Anasthesiol Intensivmed Notfallmed Schmerzther. 1997 Jan;32(1):56-60. doi: 10.1055/s-2007-995011.
Inhalation of inorganic, inert dusts, like concrete dust, has generally not been considered dangerous. Very rarely alterations following chronic exposures can be observed, such as airflow obstruction and increased mucous secretion. Acute reactions in terms of acute respiratory failure have not been described so far.
The present case report introduces a 54-year old male patient who developed acute respiratory failure after sawing a concrete block for several hours without wearing a face mask. Save for a chronic obstructive pulmonary disease he was unremarkable for his past medical history. When the emergency physician arrived, oxyhaemoglobin saturation was only 54%. Severely obstructed breathing sounds and coarse bubbling rales over both lungs were audible. After endotracheal intubation, a great deal of white viscous mucus could be aspirated via the tubus.
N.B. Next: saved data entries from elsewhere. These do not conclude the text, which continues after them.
Theorem proposition5 (gamma : R) :
  1 / 2 < gamma < 1 ->
  gamma ^ 3 <= sqrt 2 / 8 ->
  e_eq gamma 1 1.
Proof.
  intros Hg Hcube.
  pose proof (gamma_le_of_cube_le gamma ltac:(lra) Hcube) as Hg'.
  assert (Hemax : forall p, emax gamma 1 p = 1%nat).
  { intros p; unfold emax; apply fold_max_map_const.
    - pose proof (Nat.pow_nonzero 2 p ltac:(lia)).
      destruct (2 ^ p)%nat; [lia | discriminate].
    - intros k Hk; apply in_seq in Hk.
      apply (eJ_one _ _ (INR k / 2 ^ p)); [lra | | apply dyadic_left_end].
      intros x; apply dyadic_in_unit; lia. }
  unfold e_eq; intros eps Heps; exists 0%nat; intros n _.
  rewrite Hemax; unfold Rdist; rewrite Rminus_diag, Rabs_R0; exact Heps.
Qed.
The chest radiograph after admission demonstrated cloudy, shadowed areas with emphasis on both lower lung fields. As pulmonary function did not improve inspite of drug therapy with prednisolone, theophylline, fenoterol, n-acetylcysteine and respiration therapy with 100% oxygen concentration, the patient was treated daily with bronchoscopic aspiration of the mucus. Only on the fourth day, after an additional ten hours in prone position, the lung function improved. The patient could be extubated on the fifth day. The final chest radiograph indicated no residuum apart from a very small shadowed area on the right angle between heart and diaphragm.
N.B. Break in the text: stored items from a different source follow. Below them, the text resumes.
(* Let $K$ be a field of characteristic zero and $m>1$. Then the ring $K(\!(\mathbf{t})\!)^\circ=\{q\in K(\!(\mathbf{t})\!):\operatorname{trop}(q)\le1\}$ is not Noetherian.
   Context: $\mathbf{t}=(t_1,\dots,t_m)$, $K(\!(\mathbf{t})\!)=\operatorname{Frac}K[\![\mathbf{t}]\!]$. $V\mathbb{B}[\mathbf{t}]$ is the semiring of subsets of $\mathbb{N}^m$ equal to the vertex set of their Newton polyhedron $\operatorname{conv}(\cdot)+\mathbb{R}^m_{\ge0}$, with $a\oplus b$ = vertices of the Newton polyhedron of $a\cup b$ and $a\odot b$ = vertices of that of $a+b$; $V\mathbb{B}(\mathbf{t})$ is its fraction semifield, ordered by $a/b\le c/d$ iff $a\odot d\oplus b\odot c=b\odot c$. $\operatorname{trop}(f)$ is the vertex set of the Newton polyhedron of $\operatorname{Supp}(f)$ for $f\in K[\![\mathbf{t}]\!]$, and $\operatorname{trop}(f/g)=\operatorname{trop}(f)/\operatorname{trop}(g)$. *)

From Stdlib Require Import Rdefinitions.
From HB Require Import structures.
From mathcomp Require Import all_boot all_order all_algebra.
From mathcomp Require Import Rstruct.

Set Implicit Arguments.
Unset Strict Implicit.
Unset Printing Implicit Defensive.

Import Order.TTheory GRing.Theory Num.Theory.
Local Open Scope ring_scope.

Definition mon (m : nat) := {ffun 'I_m -> nat}.

(* Subtraction of exponents (used only when a <= c pointwise). *)
Definition mon_sub m (c a : mon m) : mon m := [ffun i => (c i - a i)%N].

Definition mon_bnd m (c : mon m) : nat := (\max_(i < m) c i).+1.
Definition mon_divs m (c : mon m) : seq (mon m) :=
  [seq a : mon m <- [seq ([ffun i => nat_of_ord (b i)] : mon m)
             | b : {ffun 'I_m -> 'I_(mon_bnd c)}]
   | [forall i, (a i <= c i)%N]].

Definition series (K : fieldType) (m : nat) := mon m -> K.

Section Series.
Variables (K : fieldType) (m : nat).

Definition ser_add (f g : series K m) : series K m := fun c => f c + g c.
Definition ser_mul (f g : series K m) : series K m :=
  fun c => \sum_(a <- mon_divs c) f a * g (mon_sub c a).
Definition ser_zero : series K m := fun _ => 0.
Definition ser_one : series K m := fun c => if [forall i, c i == 0%N] then 1 else 0.
Definition ser_nonzero (f : series K m) : Prop := exists c, f c != 0.
Definition supp (f : series K m) : mon m -> Prop := fun c => f c != 0.

End Series.
Arguments ser_zero : clear implicits.
Arguments ser_one : clear implicits.

Definition emb m (v : mon m) : 'I_m -> R := fun i => (v i)%:R.

Definition in_newton m (S : mon m -> Prop) (x : 'I_m -> R) : Prop :=
  exists (n : nat) (lam : 'I_n -> R) (pts : 'I_n -> mon m),
    (forall k, S (pts k)) /\ (forall k, 0 <= lam k) /\
    \sum_(k < n) lam k = 1 /\
    (forall i, \sum_(k < n) lam k * (pts k i)%:R <= x i).

Definition is_vertex m (S : mon m -> Prop) (x : 'I_m -> R) : Prop :=
  in_newton S x /\
  forall (y z : 'I_m -> R) (t : R), in_newton S y -> in_newton S z ->
    0 < t -> t < 1 -> (forall i, x i = t * y i + (1 - t) * z i) ->
    forall i, y i = z i.

(* The vertex set of the Newton polyhedron of S, as a subset of N^m
   (all vertices are points of S, hence lattice points). *)
Definition vert m (S : mon m -> Prop) : mon m -> Prop :=
  fun v => is_vertex S (emb v).

Definition seteq m (A B : mon m -> Prop) : Prop := forall v, A v <-> B v.

Definition vb_add m (a b : mon m -> Prop) : mon m -> Prop :=
  vert (fun v => a v \/ b v).
Definition vb_mul m (a b : mon m -> Prop) : mon m -> Prop :=
  vert (fun v => exists x y, a x /\ b y /\ forall i, v i = (x i + y i)%N).
Definition vb_one (m : nat) : mon m -> Prop := fun v => forall i, v i = 0%N.
Arguments vb_one : clear implicits.

(* The order of the fraction semifield VB(t): a/b <= c/d iff
   a (.) d (+) b (.) c = b (.) c *)
Definition vb_le m (a b c d : mon m -> Prop) : Prop :=
  seteq (vb_add (vb_mul a d) (vb_mul b c)) (vb_mul b c).

Definition trop (K : fieldType) m (f : series K m) : mon m -> Prop := vert (supp f).

Section Frac.
Variables (K : fieldType) (m : nat).

Definition frac := (series K m * series K m)%type.

Definition frac_wf (q : frac) : Prop := ser_nonzero q.2.
Definition frac_eq (q r : frac) : Prop :=
  forall c, ser_mul q.1 r.2 c = ser_mul r.1 q.2 c.
Definition frac_add (q r : frac) : frac :=
  (ser_add (ser_mul q.1 r.2) (ser_mul r.1 q.2), ser_mul q.2 r.2).
Definition frac_mul (q r : frac) : frac := (ser_mul q.1 r.1, ser_mul q.2 r.2).
Definition frac_zero : frac := (ser_zero K m, ser_one K m).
The inhalation of dusts, which have long been considered inert, can cause acute pulmonary reactions. We suggest that the massive, mechanical covering on the alveolar layer with still alkaline concrete dust in conjunction with a history of chronic bronchitis was responsible for the acute inflammation and oedematous swelling of the bronchial mucosa, bronchospasm, secretion of a highly viscid mucus, atelectasis, and thus for the ARDS.
吸入无机惰性粉尘,如混凝土粉尘,一般不被认为具有危险性。慢性接触后很少能观察到改变,如气流阻塞和黏液分泌增加。目前尚未有急性呼吸衰竭方面的急性反应报道。
本病例报告介绍了一名54岁男性患者,他在未戴口罩的情况下锯混凝土块数小时后出现急性呼吸衰竭。除慢性阻塞性肺疾病外,他既往病史无其他异常。急诊医生到达时,氧合血红蛋白饱和度仅为54%。两肺呼吸音严重受阻,可闻及粗大的水泡音。气管插管后,通过导管吸出大量白色黏稠黏液。入院后胸部X线片显示肺部有云雾状阴影区域,以下肺野为主。尽管使用泼尼松龙、茶碱、非诺特罗、N-乙酰半胱氨酸进行药物治疗,并采用100%氧浓度进行呼吸治疗,但肺功能仍未改善,因此每天对患者进行支气管镜下黏液抽吸治疗。仅在第四天,患者在俯卧位额外停留10小时后,肺功能才有所改善。患者于第五天拔管。最终胸部X线片显示除心脏与膈肌夹角右侧有一个非常小的阴影区域外,无残留病变。
长期以来被认为惰性的粉尘吸入可引起急性肺部反应。我们认为,大量碱性混凝土粉尘机械性覆盖肺泡层,再加上慢性支气管炎病史,是导致支气管黏膜急性炎症和水肿性肿胀、支气管痉挛、分泌高度黏稠黏液、肺不张,进而导致急性呼吸窘迫综合征的原因。